Lines below starting with the line with "dist (u m) (u n) < e) ->" and going on through the line with "End MetricDefs." must be output exactly; the rest of the records must be left out.
**** INPUT DATA
(* For every $\mu \in \mathcal{X}$ and every probability distribution $P_X$ on $\mathcal{X}$, $D(\mu ; P_X) \in [0, 2]$. Moreover, with $X_1, X_2 \sim P_X$ independent: (i) $D(\mu ; P_X) = 0$ if and only if $P_X(\{\mu\}) = 0$ and $P ( L[X_1, X_2, \mu] \cup L[X_2, X_1, \mu] ) = 1$; (ii) $D(\mu ; P_X) = 2$ if and only if $P_X(\{\mu\}) = 0$ and $P( L[X_1, \mu, X_2] ) = 1$.
   Context: $(\mathcal{X}, d)$ is a complete separable metric space with its Borel $\sigma$-algebra. Define $h: \mathcal{X}^3 \to \mathbb{R}$ by $h(x_1, x_2, x_3) := \mathbb{I}( x_3 \notin \{x_1, x_2\} ) \dfrac{ d^2(x_1, x_3) + d^2(x_2, x_3) - d^2(x_1, x_2) }{d(x_1, x_3)\, d(x_2, x_3) }$, where $h := 0$ when $x_3 \in \{x_1,x_2\}$. The metric spatial depth of $\mu \in \mathcal{X}$ with respect to a probability distribution $P_X$ on $\mathcal{X}$ is $D(\mu; P_X) := 1 - \frac{1}{2} \mathrm{E} \{ h(X_1, X_2, \mu) \}$, where $X_1, X_2 \sim P_X$ are independent. For $x_1,x_2,x_3\in\mathcal{X}$, $L[x_1, x_2, x_3]$ denotes the event (condition) that $d(x_1, x_3) = d(x_1, x_2) + d(x_2, x_3)$, i.e. the three points lie on a metric line with $x_2$ between $x_1$ and $x_3$. *)

From HB Require Import structures.
From mathcomp Require Import all_boot all_order all_algebra.
From mathcomp Require Import all_classical all_reals all_analysis.
Set Implicit Arguments. Unset Strict Implicit. Unset Printing Implicit Defensive.
Import Order.TTheory GRing.Theory Num.Theory.
Local Open Scope classical_set_scope.
Local Open Scope ring_scope.

Section MetricDefs.
Context {R : realType} {T : Type} (dist : T -> T -> R).

Definition is_metric : Prop :=
  [/\ (forall x y, 0 <= dist x y),
      (forall x y, dist x y = 0 <-> x = y),
      (forall x y, dist x y = dist y x) &
      (forall x y z, dist x z <= dist x y + dist y z)].

Definition metric_open (A : set T) : Prop :=
  forall x, A x -> exists e : R, 0 < e /\ (forall y, dist x y < e -> A y).

Definition metric_complete : Prop :=
  forall u : nat -> T,
    (forall e : R, 0 < e -> exists N, forall m n, (N <= m)%N -> (N <= n)%N ->
        dist (u m) (u n) < e) ->
    exists l, forall e : R, 0 < e -> exists N, forall n, (N <= n)%N -> dist (u n) l < e.

Definition metric_separable : Prop :=
  exists D : set T, countable D /\
    forall x (e : R), 0 < e -> exists y, D y /\ dist x y < e.

Definition Lmet (x1 x2 x3 : T) : Prop := dist x1 x3 = dist x1 x2 + dist x2 x3.

Definition hker (x1 x2 x3 : T) : R :=
  if `[< x3 = x1 \/ x3 = x2 >] then 0
  else (dist x1 x3 ^+ 2 + dist x2 x3 ^+ 2 - dist x1 x2 ^+ 2)
       / (dist x1 x3 * dist x2 x3).
End MetricDefs.

Definition metric_borel {R : realType} {d : measure_display} {T : measurableType d}
  (dist : T -> T -> R) : Prop :=
  forall A : set T, measurable A <-> <<s [set B | metric_open dist B] >> A.

Definition msdepth {R : realType} {d : measure_display} {T : measurableType d}
  (dist : T -> T -> R) (P : probability T R) (mu : T) : \bar R :=
  (1%:E - (2^-1)%:E * \int[(P \x P)%E]_z (hker dist z.1 z.2 mu)%:E)%E.

From HB Require Import structures.
From mathcomp Require Import all_boot all_order all_algebra.
From mathcomp Require Import all_classical all_reals all_analysis.
From mathcomp Require Import ring lra measurable_realfun.
Import Order.TTheory GRing.Theory Num.Theory.
Local Open Scope classical_set_scope.
Local Open Scope ring_scope.

(* Write h(z) := hker dist z.1 z.2 mu for a pair z = (X1, X2).  By the triangle
   inequality the cosine expression (a^2 + b^2 - c^2) / (a b) built from the
   side lengths of the triangle (X1, X2, mu) lies in [-2, 2], with value 2
   exactly on metric lines with mu at an end and -2 exactly on metric lines with
   mu in the middle (lemmas [triangle_cosine], [hker_profile]).  Since
   D = 1 - E h / 2, we get D = E (2 - h) / 2 and 2 - D = E (h + 2) / 2 with
   nonnegative integrands, whence D lies in [0, 2]; moreover D = 0 (resp. 2)
   iff h = 2 (resp. -2) almost surely ([integral_eq0_as]).  Finally, for the
   i.i.d. pair an event of the form "S and X1, X2 <> mu" is almost sure iff mu is
   not an atom and S is almost sure ([prod_avoid_as]).  Separability enters only
   to make the distance, hence h and the line events, jointly measurable
   ([measurable_dist]). *)
Section metric_facts.
Context {R : realType} {T : Type} {dist : T -> T -> R}.
Hypothesis Hmetric : is_metric dist.

Lemma dist_ge0 x y : 0 <= dist x y. Proof. by case: Hmetric. Qed.
Lemma dist_eq0 x y : dist x y = 0 <-> x = y. Proof. by case: Hmetric. Qed.
Lemma distC x y : dist x y = dist y x. Proof. by case: Hmetric. Qed.
Lemma dist_triangle x y z : dist x z <= dist x y + dist y z.
Proof. by case: Hmetric. Qed.

Lemma dist_gt0 x y : x <> y -> 0 < dist x y.
Proof. by move=> xy; rewrite lt_def dist_ge0 andbT; apply/eqP => /dist_eq0. Qed.

End metric_facts.

Lemma triangle_cosine {F : realFieldType} {a b c : F} :
  0 < a -> 0 < b -> 0 <= c ->
  a <= c + b -> b <= c + a -> c <= a + b ->
  let k := (a ^+ 2 + b ^+ 2 - c ^+ 2) / (a * b) in
  [/\ -2 <= k <= 2, (k = 2 <-> a = c + b \/ b = c + a) & (k = -2 <-> c = a + b)].
Proof.
move=> a0 b0 c0 tab tba tc k.
have ab0 : 0 < a * b by rewrite mulr_gt0.
have kE : k * (a * b) = a ^+ 2 + b ^+ 2 - c ^+ 2 by rewrite divfK // gt_eqF.
have eq_scaled (v : F) : k = v <-> k * (a * b) = v * (a * b).
  by split => [->//|/(mulIf (lt0r_neq0 ab0))].
have upper : 2 * (a * b) - k * (a * b) = (c - a + b) * (c + a - b).
  by rewrite kE; ring.
have lower : k * (a * b) + 2 * (a * b) = (a + b - c) * (a + b + c).
  by rewrite kE; ring.
split.
- rewrite -(ler_pM2r ab0) -[X in _ && X](ler_pM2r ab0); apply/andP; split; nra.
- rewrite eq_scaled; split => [k2|[e|e]]; last 2 first; [nra|nra|].
  have : (c - a + b) * (c + a - b) = 0 by rewrite -upper k2 subrr.
  by move/eqP; rewrite mulf_eq0 => /orP[/eqP|/eqP] ?; [left|right]; lra.
- rewrite eq_scaled; split => [k2|e]; last by nra.
  have : (a + b - c) * (a + b + c) = 0 by rewrite -lower k2; ring.
  by move/eqP; rewrite mulf_eq0 => /orP[/eqP|/eqP] ?; lra.
Qed.

Section kernel.
Context {R : realType} {T : Type} {dist : T -> T -> R}.
Hypothesis Hmetric : is_metric dist.

(* The kernel is the cosine expression with the convention x / 0 = 0, which
   makes the degenerate case x3 \in {x1, x2} automatic. *)
Lemma hkerE x1 x2 x3 : hker dist x1 x2 x3 =
  (dist x1 x3 ^+ 2 + dist x2 x3 ^+ 2 - dist x1 x2 ^+ 2) / (dist x1 x3 * dist x2 x3).
Proof.
rewrite /hker; case: asboolP => [[->|->]|//];
  by rewrite (proj2 (dist_eq0 Hmetric _ _) erefl) ?mul0r ?mulr0 invr0 mulr0.
Qed.

Lemma hker_profile x1 x2 x3 : [/\ -2 <= hker dist x1 x2 x3 <= 2,
  hker dist x1 x2 x3 = 2 <->
    (x1 <> x3 /\ x2 <> x3) /\ (Lmet dist x1 x2 x3 \/ Lmet dist x2 x1 x3) &
  hker dist x1 x2 x3 = -2 <-> (x1 <> x3 /\ x2 <> x3) /\ Lmet dist x1 x3 x2].
Proof.
rewrite /hker; case: asboolP => [deg|/not_orP[/nesym n1 /nesym n2]].
  have nondeg : ~ (x1 <> x3 /\ x2 <> x3) by case: deg => -> [].
  split; first by apply/andP; split; lra.
  - by split => [/eqP|[/nondeg]//]; rewrite eq_sym pnatr_eq0.
  - by split => [/eqP|[/nondeg]//]; rewrite eq_sym oppr_eq0 pnatr_eq0.
have a0 := dist_gt0 Hmetric _ _ n1.
have b0 := dist_gt0 Hmetric _ _ n2.
have := dist_triangle Hmetric x1 x2 x3; have := dist_triangle Hmetric x2 x1 x3.
have := dist_triangle Hmetric x1 x3 x2; rewrite /Lmet !(distC Hmetric x2 x1)
  !(distC Hmetric x3 x2) => t3 t2 t1.
have [k_range k2 kN2] := triangle_cosine a0 b0 (dist_ge0 Hmetric _ _) t1 t2 t3.
by split => //; [rewrite k2|rewrite kN2]; tauto.
Qed.

End kernel.

(* The inversion x |-> x^-1 (with 0^-1 = 0) is Borel measurable: it is continuous
   on the open set {x != 0} and constant on {0}. *)
Lemma measurable_inv {R : realType} : measurable_fun [set: R] (@GRing.inv R).
Proof.
have nz0 : measurable [set x : R | x != 0].
  by rewrite (_ : [set x | x != 0] = ~` [set 0]);
    [exact: measurableC (measurable_set1 0)|apply/seteqP; split => x /= /eqP].
have -> : [set: R] = [set x | x != 0] `|` [set 0].
  by apply/seteqP; split => x // _; case: (eqVneq x 0) => [->|x0]; [right|left].
apply/(measurable_funU _ nz0 (measurable_set1 0)); split;
  last exact: measurable_fun_set1.
apply: open_continuous_measurable_fun; first exact: open_neq.
by move=> x /set_mem /= x0; exact: inv_continuous.
Qed.

Lemma measurable_eqr {d} {X : measurableType d} {R : realType} (f g : X -> R) :
  measurable_fun [set: X] f -> measurable_fun [set: X] g ->
  measurable [set x | f x = g x].
Proof.
move=> mf mg; have := measurable_fun_eqr mf mg measurableT (Y := [set true]) I.
rewrite setTI; congr measurable; apply/seteqP; split => x /=; first by move/eqP.
by move=> ->; rewrite eqxx.
Qed.

Section metric_measurability.
Context {R : realType} {d : measure_display} {T : measurableType d}
  {dist : T -> T -> R}.
Hypotheses (Hmetric : is_metric dist) (Hsep : metric_separable dist)
  (Hborel : metric_borel dist).

Lemma metric_open_measurable (A : set T) : metric_open dist A -> measurable A.
Proof. by move=> oA; apply/Hborel; apply: sub_sigma_algebra. Qed.

Lemma measurable_ball (x : T) (r : R) : measurable [set y | dist x y < r].
Proof.
apply: metric_open_measurable => y /= xy; exists (r - dist x y).
split => [|z yz]; first by rewrite subr_gt0.
have := dist_triangle Hmetric x y z; lra.
Qed.

Lemma measurable_point (x : T) : measurable [set x].
Proof.
rewrite -[X in measurable X]setCK; apply/measurableC/metric_open_measurable.
move=> y /= yx; exists (dist y x); split; first exact: dist_gt0.
by move=> z yz zx; rewrite zx ltxx in yz.
Qed.

(* Given a dense set D, dist x y < r is witnessed by a point q of D and a radius
   1/(n+1): (x, y) lies in the product of the balls of radii 1/(n+1) and
   r - 1/(n+1) around q, a family indexed by D * nat. *)
Lemma dist_lt_dense (D : set T) :
  (forall x (e : R), 0 < e -> exists y, D y /\ dist x y < e) ->
  forall x y r, dist x y < r <-> exists q, D q /\ exists n : nat,
    dist q x < n.+1%:R^-1 /\ dist q y < r - n.+1%:R^-1.
Proof.
move=> dD x y r; split => [xy|[q [_ [n [qx qy]]]]]; last first.
  have := dist_triangle Hmetric x q y; rewrite (distC Hmetric x q).
  by move: (n.+1%:R^-1) qx qy => t; lra.
have e0 : 0 < (r - dist x y) / 2 by rewrite divr_gt0 // subr_gt0.
pose n := Num.truncn ((r - dist x y) / 2)^-1.
have n_small : n.+1%:R^-1 < (r - dist x y) / 2.
  by rewrite -[X in _ < X]invrK ltf_pV2 ?posrE ?invr_gt0 // truncnS_gt.
have [q [Dq xq]] := dD x (n.+1%:R^-1) ltac:(by rewrite invr_gt0).
exists q; split => //; exists n; rewrite (distC Hmetric q x); split => //.
have := dist_triangle Hmetric q x y; rewrite (distC Hmetric q x).
by move: (n.+1%:R^-1) n_small xq => t; lra.
Qed.

(* The distance is jointly measurable on T * T; this is where separability
   is needed, so that {dist < r} is a countable union of measurable rectangles. *)
Lemma measurable_dist : measurable_fun [set: T * T] (fun z => dist z.1 z.2).
Proof.
apply: (measurability _ (RGenInftyO.measurableE R)) => //.
move=> _ [_ [r ->] <-]; rewrite setTI.
have [D [cD dD]] := Hsep.
suff -> : (fun z : T * T => dist z.1 z.2) @^-1` `]-oo, r[ =
    \bigcup_(q in D) \bigcup_n
      ([set x | dist q x < n.+1%:R^-1] `*` [set y | dist q y < r - n.+1%:R^-1]).
  rewrite bigcup_set_type; apply: countable_bigcupT_measurable.
    by rewrite (eq_countable (card_setT _)).
  by move=> q; apply: bigcupT_measurable => n; apply: measurableX; exact: measurable_ball.
apply/seteqP; split => -[x y]; rewrite /= in_itv /= (dist_lt_dense _ dD).
  by move=> [q [Dq [n qxy]]]; exists q => //; exists n.
by move=> [q Dq [n _ qxy]]; exists q; split => //; exists n.
Qed.

Section measurable_maps.
Context {d' : measure_display} {X : measurableType d'}.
********
ANSWER TO THE EXERCISE:
        dist (u m) (u n) < e) ->
    exists l, forall e : R, 0 < e -> exists N, forall n, (N <= n)%N -> dist (u n) l < e.

Definition metric_separable : Prop :=
  exists D : set T, countable D /\
    forall x (e : R), 0 < e -> exists y, D y /\ dist x y < e.

Definition Lmet (x1 x2 x3 : T) : Prop := dist x1 x3 = dist x1 x2 + dist x2 x3.

Definition hker (x1 x2 x3 : T) : R :=
  if `[< x3 = x1 \/ x3 = x2 >] then 0
  else (dist x1 x3 ^+ 2 + dist x2 x3 ^+ 2 - dist x1 x2 ^+ 2)
       / (dist x1 x3 * dist x2 x3).
End MetricDefs.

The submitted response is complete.